Child Rearing Principles

Parents need to invest time and effort into child rearing. In the past, with large extended families living in close proximity, child rearing didn’t require as much effort because children had many models to observe and learn from. These days parents are the only source children have to learn proper behavior. So young parents need to make a conscientious effort to learn about parenting, for example by reading books or taking parenting classes.

If I had to list the two most important words for parenting, they would be love and responsibility. I think all good parenting principles hinge upon these two things. Most parents know how to love reasonably well. What many don’t know is how to teach children responsibility.

Parents should teach their children to take responsibility for their own actions very early on. If an infant is about to touch a hot stove, for example, instead of pushing his hand away from stove, parents might want to let the baby feel the heat of the stove. That way, he learns to not touch the stove because it would hurt, and not just because his parents prohibit it. Of course, there must be some discernment in regards to when to do this and when a child needs to be protected from undue harm. However, there must be a place for a child, even a young child, to learn lessons on his or her own.

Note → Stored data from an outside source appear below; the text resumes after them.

(* Let $n\ge 2$, $T=n$, $I=J=\{1,\dots,n\}$, and $E=\{(i,1):i\in I\}\cup\{(j,j):j=2,\dots,n\}$. Then the clairvoyant optimum of IFM on this instance is at least $1-1/e$, while under RANKING the offline agent $1$ satisfies $\mathbb E[Z_1]=O(1/n)$. Hence RANKING has competitive ratio $0$ for IFM.
   Context: Model. An instance consists of a finite bipartite graph $(I,J,E)$, where $I$ is the set of offline agents and $J$ the set of online agent types, with $|J|=T$. For $j\in J$ let $\mathcal N_j=\{i\in I:(i,j)\in E\}$. There are $T$ rounds $t=1,\dots,T$; in each round exactly one online agent arrives, whose type is drawn uniformly at random from $J$ (each type with probability $1/T$), independently across rounds. Each offline agent can be matched at most once. When an online agent of type $j$ arrives, an online algorithm must immediately and irrevocably either reject it or match it to a currently unmatched $i\in\mathcal N_j$. Let $Z_i$ be the indicator that offline agent $i$ is matched by the end. IFM maximizes $\min_{i\in I}\mathbb E[Z_i]$. A clairvoyant policy observes the entire arrival sequence before choosing (possibly randomly) which arrivals to match to which compatible unmatched offline agents; the clairvoyant optimum is the supremum of $\min_i\mathbb E[Z_i]$ over clairvoyant policies. RANKING: before the online phase draw a uniformly random permutation $\pi$ of $I$; when an online agent of type $j$ arrives, match it to the currently unmatched neighbor of $j$ that comes earliest in $\pi$, or reject if none exists. *)

From HB Require Import structures.
From mathcomp Require Import all_boot all_order all_fingroup all_algebra.
From mathcomp Require Import all_classical all_reals all_analysis.
Set Implicit Arguments. Unset Strict Implicit. Unset Printing Implicit Defensive.
Import Order.TTheory GRing.Theory Num.Theory.
Local Open Scope ring_scope.

(* An IFM instance: offline agents I = 'I_ni, online types J = 'I_nJ,
   edges given by adj j i (type j compatible with offline agent i),
   T rounds.  An arrival sequence is s : {ffun 'I_T -> 'I_nJ}
   (s t = type arriving in round t), uniformly distributed:
   each round's type is uniform on J, independently. *)

Definition seq_prob (R : realType) (nJ T : nat) : R := (nJ%:R)^-1 ^+ T.

(* A clairvoyant outcome: an assignment of rounds to offline agents
   (None = reject). *)
Definition feasible_assignment (ni nJ T : nat) (adj : 'I_nJ -> 'I_ni -> bool)
    (s : {ffun 'I_T -> 'I_nJ}) (m : {ffun 'I_T -> option 'I_ni}) : Prop :=
  (forall t i, m t = Some i -> adj (s t) i) /\
  (forall t t' i, m t = Some i -> m t' = Some i -> t = t').

Definition matchedZ (R : realType) (ni T : nat)
    (m : {ffun 'I_T -> option 'I_ni}) (i : 'I_ni) : R :=
  if [exists t, m t == Some i] then 1 else 0.

Definition clair_policy (R : realType) (ni nJ T : nat) (adj : 'I_nJ -> 'I_ni -> bool)
    (pol : {ffun 'I_T -> 'I_nJ} -> {ffun 'I_T -> option 'I_ni} -> R) : Prop :=
  forall s, (forall m, 0 <= pol s m) /\
            \sum_(m : {ffun 'I_T -> option 'I_ni}) pol s m = 1 /\
            (forall m, pol s m != 0 -> feasible_assignment adj s m).

Definition clairEZ (R : realType) (ni nJ T : nat)
    (pol : {ffun 'I_T -> 'I_nJ} -> {ffun 'I_T -> option 'I_ni} -> R) (i : 'I_ni) : R :=
  \sum_(s : {ffun 'I_T -> 'I_nJ})
     seq_prob R nJ T * \sum_(m : {ffun 'I_T -> option 'I_ni}) pol s m * matchedZ R m i.

(* min over offline agents (the default 1 is irrelevant for ni > 0, and
   all the E[Z_i] are <= 1 anyway) *)
Definition min_over (R : realType) (ni : nat) (f : 'I_ni -> R) : R :=
  \big[Order.min/1]_(i : 'I_ni) f i.

Definition clair_opt (R : realType) (ni nJ T : nat) (adj : 'I_nJ -> 'I_ni -> bool) : R :=
  sup [set x : R | exists pol : {ffun 'I_T -> 'I_nJ} -> {ffun 'I_T -> option 'I_ni} -> R,
                               clair_policy adj pol /\
                               x = min_over (clairEZ pol)].

(* RANKING. A permutation pi : {perm 'I_ni} lists the offline agents:
   pi k is the agent at position k.  Agent i is "earlier" than i' iff it
   occurs at a smaller position. *)
Definition rank_cand (ni nJ : nat) (adj : 'I_nJ -> 'I_ni -> bool)
    (M : {set 'I_ni}) (j : 'I_nJ) (i : 'I_ni) : bool :=
  adj j i && (i \notin M).

Definition rank_choice (ni nJ : nat) (adj : 'I_nJ -> 'I_ni -> bool)
    (pi : {perm 'I_ni}) (M : {set 'I_ni}) (j : 'I_nJ) : option 'I_ni :=
  omap pi [pick k : 'I_ni | rank_cand adj M j (pi k) &&
             [forall k' : 'I_ni, (k' < k)%N ==> ~~ rank_cand adj M j (pi k')]].

Definition rank_step (ni nJ : nat) (adj : 'I_nJ -> 'I_ni -> bool)
    (pi : {perm 'I_ni}) (M : {set 'I_ni}) (j : 'I_nJ) : {set 'I_ni} :=
  if rank_choice adj pi M j is Some i then i |: M else M.

Definition rank_matched (ni nJ T : nat) (adj : 'I_nJ -> 'I_ni -> bool)
    (s : {ffun 'I_T -> 'I_nJ}) (pi : {perm 'I_ni}) : {set 'I_ni} :=
  foldl (fun M t => rank_step adj pi M (s t)) (finset.set0 : {set 'I_ni}) (enum 'I_T).

Definition rankEZ (R : realType) (ni nJ T : nat) (adj : 'I_nJ -> 'I_ni -> bool)
    (i : 'I_ni) : R :=
  \sum_(s : {ffun 'I_T -> 'I_nJ}) \sum_(pi : {perm 'I_ni})
     seq_prob R nJ T * (#|{perm 'I_ni}|%:R)^-1 *
     (if i \in rank_matched adj s pi then 1 else 0).

Definition rank_obj (R : realType) (ni nJ T : nat) (adj : 'I_nJ -> 'I_ni -> bool) : R :=
  min_over (rankEZ R T adj).

(* The instance of the theorem, 0-indexed: I = J = 'I_n, type 0 (paper's
   type 1) is adjacent to every offline agent; type j >= 1 is adjacent
   to offline agent j only. *)
Definition inst_adj (n : nat) (j i : 'I_n) : bool := (val j == 0%N) || (i == j).

From HB Require Import structures.
From mathcomp Require Import all_boot all_order all_fingroup all_algebra.
From mathcomp Require Import all_classical all_reals all_analysis.
From mathcomp Require Import ring lra zify.
Import Order.TTheory GRing.Theory Num.Theory.
Local Open Scope ring_scope.
Set Implicit Arguments. Unset Strict Implicit. Unset Printing Implicit Defensive.

(* The clairvoyant policy matching the first arrival of each type [j] to agent
   [j] matches every agent with probability [1 - (1 - 1/n)^n >= 1 - 1/e].

   Agent 0 is matched only by type-0 arrivals, and each type-0 arrival takes the
   earliest-ranked unmatched agent of the pool formed by agent 0 and the agents
   whose own type never arrives.  Hence if agent 0 is matched, fewer than [A]
   agents of the pool precede it in [pi], where [A] is the number of type-0
   arrivals; by symmetry of the uniform permutation this has probability at most
   [A / |pool|].  About [n/e] types never arrive, and a second-moment bound on
   [|pool|], weighted by [A], gives [E[A / |pool|] <= 6 / (n (1 - 1/n)^n)], which
   is at most [12 e / n]. *)

Lemma card_set_sum_nat (T : finType) (P : pred T) :
  #|[set x | P x]| = (\sum_x (P x : nat))%N.
Proof. by rewrite -sum1dep_card big_mkcond. Qed.

Lemma sumr_indicator_card (R : numDomainType) (T : finType) (P : pred T) :
  \sum_x (P x)%:R = #|[set x | P x]|%:R :> R.
Proof. by rewrite card_set_sum_nat natr_sum. Qed.

Lemma foldl_map (T1 T2 U : Type) (f : U -> T2 -> U) (g : T1 -> T2) z (s : seq T1) :
  foldl f z (map g s) = foldl (fun u x => f u (g x)) z s.
Proof. by elim: s z => //= x s IH z; rewrite IH. Qed.

Definition rank_pos n (pi : {perm 'I_n}) (x : 'I_n) : nat := (pi^-1)%g x.

Definition ranked_before n (pi : {perm 'I_n}) (S : {set 'I_n}) (x : 'I_n) :=
  [set y in S | (rank_pos pi y < rank_pos pi x)%N].

Lemma rank_pos_inj n (pi : {perm 'I_n}) : injective (rank_pos pi).
Proof. by move=> x y /val_inj /perm_inj. Qed.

Parents should also allow children to get what he wants only if they ask politely. They should learn that courteous behavior, not whining, is the right way to ask for what they want.

Parents should teach their children to follow rules. When parents make rules it works best if they do it with consultation with the children. The rules must be explained carefully so that children understand why they are necessary. Parents and children must agree on penalties as well. Penalties might include no TV, spanking, or withholding allowance. Making them do household chores such as washing dishes is not a good idea because it makes children see chores as penalties, as opposed to being responsibilities. When parents penalize children they must do it consistently. Otherwise, if it is dependent on how the parent feels at the moment, it can confuse children and not produce desirable results in children’s behavior.

When children become teenagers parents should allow them more freedom. At times, they may push the envelope with outrageous behavior in the process of finding their identity apart from their parents. Parents should not overreact to this as long as their behavior is not destructive. Do not criticize their hairstyle or dress. You can express your opinion, but leave it at that. Do not ever criticize their friends, because children take this as criticism against themselves.

Along with giving them freedom, parents need to make their children take a proportional amount of responsibility. If, in their freedom, they make bad decisions, they must learn to assume responsibility for the consequences. For example, if they are arrested for possessing or using drugs, parents should not bail them out immediately. They should wait until their children taste some of the real consequences of their actions so they can learn, repent and resolve not to do it again.